Here’s one for the battered bulls: the second-largest sector in the S&P 500 is stirring to life, says this strategist.
“It’s the first time in a long time the FOMC has a real decision to make,” says JonesTrading’s chief strategist Michael O’Rourke, who is among the handful urging the Fed to pause. “Remember, this banking crisis is the result of banks that did not prepare properly for an interest-rate increase cycle. Another increase in the near term aggravates the problems at banks.”
Softer stock futures indicate investors are on a bit of a knife edge, following the first-back-to-back gains for the S&P 500
since recent market upheaval began. “There’s nothing like a banking crisis to kick-start an equity rally,” adds O’Rourke.

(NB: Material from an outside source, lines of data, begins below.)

Ltac computable_hook ::= lazymatch goal with
  | |- computable _ (fun _ => code_nth _ _) => apply: computable_code_nth
  | |- computable _ (fun _ => cpair _ _) => apply: computable_cpair
  | |- computable _ (fun _ => unpair1 _) => apply: computable_unpair1
  | |- computable _ (fun _ => unpair2 _) => apply: computable_unpair2
  | |- computable _ (fun _ => tri _) => apply: computable_tri
  end.

(** * Sigma-1 relations *)

Lemma computable_behead a F : computable a F -> computable a.+1 (fun u => F (behead u)).
Proof.
move=> HF; apply: (@computable_ext _ _ (fun u => F (map (fun H => H u) [::] ++ drop 1 u))).
  by move=> u _; rewrite drop1.
by apply: (@computable_subst a.+1 a 1 [::] F) => //; rewrite subn1.
Qed.

Lemma computable_subst_head a G H :
  computable a.+1 G -> computable a.+1 H -> computable a.+1 (fun u => G (H u :: behead u)).
Proof.
move=> HG HH; apply: (@computable_ext _ _ (fun u => G (map (fun H => H u) [:: H] ++ drop 1 u))).
  by move=> u _; rewrite drop1.
by apply: (@computable_subst a.+1 a.+1 1 [:: H] G) => //; [rewrite subn1 | constructor].
Qed.

Definition sigma1 a (P : seq nat -> Prop) := exists R, computable a.+1 R /\
  forall v, size v = a -> (P v <-> exists w, R (w :: v) = 0).

Lemma sigma1_ext a (P Q : seq nat -> Prop) :
  (forall v, size v = a -> (P v <-> Q v)) -> sigma1 a Q -> sigma1 a P.
Proof. by move=> E [R [HR HQ]]; exists R; split => // v Hv; rewrite E //; exact: HQ. Qed.

Lemma sigma1_computable a (P : seq nat -> Prop) R :
  computable a R -> (forall v, size v = a -> (P v <-> R v = 0)) -> sigma1 a P.
Proof.
move=> HR HP; exists (fun u => R (behead u)); split; first exact: computable_behead.
by move=> v Hv; rewrite HP //; split => [H|[]//]; exists 0.
Qed.

Lemma sigma1_bool a (P : seq nat -> Prop) (b : seq nat -> bool) :
  computable a (fun v => b v : nat) -> (forall v, size v = a -> (P v <-> b v)) -> sigma1 a P.
Proof.
move=> Hb HP; apply: (@sigma1_computable _ _ (fun v => ~~ b v : nat)).
  exact: computable_negb.
by move=> v Hv; rewrite HP //; case: (b v).
Qed.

Onto our call of the day, which sees some silvery linings out there via one sector that few may be paying attention to right now. In a note to clients, Fundstrat’s head of technical strategy Mark Newton, says healthcare has “suddenly come to life,” a good sign for broader markets.
Before we get into that, he sees a “moment of truth,” nearing for the S&P 500. “It’s thought this lies at 4,043 up to 4,078, or 3/6/23 highs,” he said. The index closed above 4,000 for the first time since March 6 on Tuesday.

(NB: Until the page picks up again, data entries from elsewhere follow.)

Fixpoint simp_order C (es : seq {set 'I_n}) : bool :=
  match es with
  | [::] => C == set0
  | e :: es' => simplicial C e && simp_order (cdelete C e) es'
  end.

Definition chordal C : Prop := exists es, simp_order C es.

Fixpoint mult_seq C (es : seq {set 'I_n}) : seq nat :=
  match es with
  | [::] => [::]
  | e :: es' => #|nbr C e| :: mult_seq (cdelete C e) es'
  end.
End Clutter.

Section StanleyReisner.
Variable n : nat.
Implicit Types (D : {set {set 'I_n}}).

(* Hilbert function of K[D]: K-dimension of the degree-k component, i.e. the
   number of monomials x^a of degree k whose support {j | a j != 0} is a face
   of D (standard monomial basis of the Stanley-Reisner ring; independent
   of the field K). *)
Definition sr_hilb D (k : nat) : nat :=
  #|[set a : {ffun 'I_n -> 'I_k.+1} |
       ((\sum_j (a j : nat)) == k) && ([set j | (a j : nat) != 0%N] \in D)]|.

(* delta = dim K[D] = max cardinality of a face *)
Definition sr_dim D : nat := \max_(F in D) #|F|.

(* h-vector: coefficients of Q(t) = HS(t) * (1-t)^delta *)
Definition hvec D (i : nat) : int :=
  (\sum_(j < i.+1) (-1) ^+ j * ('C(sr_dim D, j))%:Z * (sr_hilb D (i - j))%:Z)%R.
End StanleyReisner.

From mathcomp Require Import all_boot all_order all_algebra.
From mathcomp Require Import ring zify.
Set Implicit Arguments. Unset Strict Implicit. Unset Printing Implicit Defensive.
Import GRing.Theory.

(** Since the Hilbert series of the Stanley-Reisner ring is the sum over faces F
    of (t/(1-t))^|F|, the h-polynomial of a complex of dimension delta is the sum
    of t^|F| (1-t)^(delta-|F|) over its faces.  In the clique complex every set
    with fewer than d elements is a face; this gives the first sum.  Removing a
    simplicial submaximal circuit e splits the remaining faces into the cliques
    of C \ e and the sets e ∪ S with S a nonempty subset of N(e), so along a
    simplicial order there are sum_i C(N_i, m) faces with m + d - 1 elements.
    Hence delta = N + d - 1, and the binomial theorem
    sum_(m>=1) C(N_i, m) t^m (1-t)^(N_i-m) = 1 - (1-t)^N_i turns the large faces
    into the second sum. *)

Lemma exists_subset_card (T : finType) (V : {set T}) k :
  (k <= #|V|)%N -> exists2 F : {set T}, F \subset V & #|F| = k.
Proof.
move=> kV; have : (0 < #|[set A : {set T} | A \subset V & #|A| == k]|)%N.
  by rewrite cards_draws bin_gt0.
by case/card_gt0P => F; rewrite inE => /andP [FV /eqP Fk]; exists F.
Qed.

Lemma bigmax_seq_mem (r : seq nat) : r != [::] -> (\max_(x <- r) x \in r)%N.
Proof.
elim: r => // x r IH _; rewrite big_cons inE.
case: (r =P [::]) => [->|/eqP /IH r_max]; first by rewrite big_nil maxn0 eqxx.
by rewrite /maxn; case: ltnP => _; rewrite ?r_max ?orbT ?eqxx.
Qed.

Lemma sum_set_card_lt (R : nmodType) (T : finType) d (g : nat -> R) : (0 < d)%N ->
  (\sum_(F : {set T} | (#|F| < d)%N) g #|F| = \sum_(k < d) g k *+ 'C(#|T|, k))%R.
Proof.
case: d => // d _.
rewrite (partition_big (fun F : {set T} => (inord #|F| : 'I_d.+1)) xpredT) //=.
apply: eq_bigr => k _.
rewrite (eq_bigl (fun F => F \in [set F : {set T} | #|F| == k])); last first.
  move=> F; rewrite inE; apply/idP/idP.
    by case/andP => Fd /eqP <-; rewrite inordK.
  move=> /eqP Fk; rewrite Fk ltn_ord /=; apply/eqP/val_inj; rewrite /= inordK //.
rewrite (eq_bigr (fun _ => g k)); last by move=> F; rewrite inE => /eqP ->.
by rewrite sumr_const card_draws.
Qed.

Lemma sum_nonempty_subsets (R : nmodType) (T : finType) (f : nat -> R) (A : {set T}) :
  (\sum_(S : {set T} | (S \subset A) && (S != set0)) f #|S| =
   \sum_(m < #|A|.+1 | (0 < m)%N) f m *+ 'C(#|A|, m))%R.
Proof.
rewrite (partition_big (fun S : {set T} => (inord #|S| : 'I_#|A|.+1))
                       (fun m : 'I_#|A|.+1 => (0 < m)%N)) /=; last first.
  by move=> S /andP [SA S0]; rewrite inordK ?card_gt0 // ltnS subset_leq_card.
apply: eq_bigr => m m0.
rewrite (eq_bigl (fun S => S \in [set S : {set T} | S \subset A & #|S| == m])); last first.
  move=> S; rewrite inE; apply/idP/idP.
    case/andP => /andP [SA _] /eqP <-.
    by rewrite SA inordK ?eqxx // ltnS subset_leq_card.
  case/andP => SA /eqP Sm; rewrite SA -card_gt0 Sm m0 /=.
  by apply/eqP/val_inj; rewrite /= inordK // Sm.
rewrite (eq_bigr (fun _ => f m)); last by move=> S; rewrite inE => /andP [_ /eqP ->].
by rewrite sumr_const cards_draws.
Qed.

Section Cliques.
Variables (n d : nat).
Implicit Types (C : {set {set 'I_n}}) (e V W S : {set 'I_n}).

Lemma is_cliqueP C V :
  reflect (forall F : {set 'I_n}, F \subset V -> #|F| = d -> F \in C) (is_clique d C V).
Proof.
apply: (iffP forallP) => [cl F FV Fd | cl F]; first by move: (cl F); rewrite FV Fd eqxx.
by apply/implyP => /andP [FV /eqP Fd]; apply: cl.
Qed.

Lemma is_cliqueS C V W : V \subset W -> is_clique d C W -> is_clique d C V.
Proof.
move=> VW /is_cliqueP cl; apply/is_cliqueP => F FV; apply: cl.
exact: subset_trans FV VW.
Qed.

Lemma is_clique_small C V : (#|V| < d)%N -> is_clique d C V.
Proof.
move=> Vd; apply/is_cliqueP => F FV Fd.
by move: (subset_leq_card FV); rewrite Fd leqNgt Vd.
Qed.

Lemma cdelete_subset C e : cdelete C e \subset C.
Proof. by apply/subsetP => F; rewrite inE => /andP []. Qed.

Lemma uniformS C C' : C' \subset C -> uniform d C -> uniform d C'.
Proof.
move=> C'C /forallP uC; apply/forallP => F; apply/implyP => FC'.
by move/implyP: (uC F); apply; apply: (subsetP C'C).
Qed.

Hypothesis d_gt0 : (0 < d)%N.

Lemma nbr_disjoint C e : uniform d C -> #|e| = d.-1 -> [disjoint nbr C e & e].
Proof.
move=> /forallP uC ed; rewrite disjoint_subset; apply/subsetP => c; rewrite !inE => ceC.
by move/implyP/(_ ceC)/eqP: (uC (c |: e)); rewrite cardsU1 ed; case: (c \in e) => /=; lia.
Qed.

“Healthcare is now higher by +1.43% over the past week in equal-weighted terms
while higher by more than +1.0% as per the SPDR S&P Healthcare ETF
compared to equal-weighted S&P 500 being higher by +0.20%,” says Newton, calling it a “welcome start to outperformance.”
He says his relative chart of healthcare versus the S&P 500 below shows a “steep ascent” has begun. “Since healthcare is the second largest sector in the S&P 500 by market capitalization at nearly 12%, and larger than financials, seeing this sector start to advance is a good sign for market bulls.”
However, much is on the line here as Newton says given the sector’s failed prior breakout attempt into year-end , healthcare needs to exceed those recent gains before anyone can start thinking it’s headed higher than the broader market.
While the market was glued to the fate of regional lenders, medical devices broke out as a subindustry group on Wednesday, and biotech is setting up for something similar, said the strategist, who notes the iShares Medical Devices ETF
has officially exceeded its early February downtrend.
“This is a bullish development and bodes well for this part of healthcare to start showing better technical strength than what’s been seen since early February,” he said. A test of the highs seen that month are likely, with $56.16 the big resistance level to watch on that ETF, said Newton, who points to his favorite liquid names within it as IDEXX Laboratories
He also notes some bullish technical action recently for Ominicell
and Tandem Diabetes
and sees more strength for those in coming days and weeks.
Newton says biotech is also close to breaking out, but needs a bit more umpfh given it has lagged behind the tech move seen over the past month. So, for example, any move back over $128 in the iShares Biotechnology ETF
would help put the sector on better footing. He says if the ETF reaches that level, he’d expect a rally back to $139.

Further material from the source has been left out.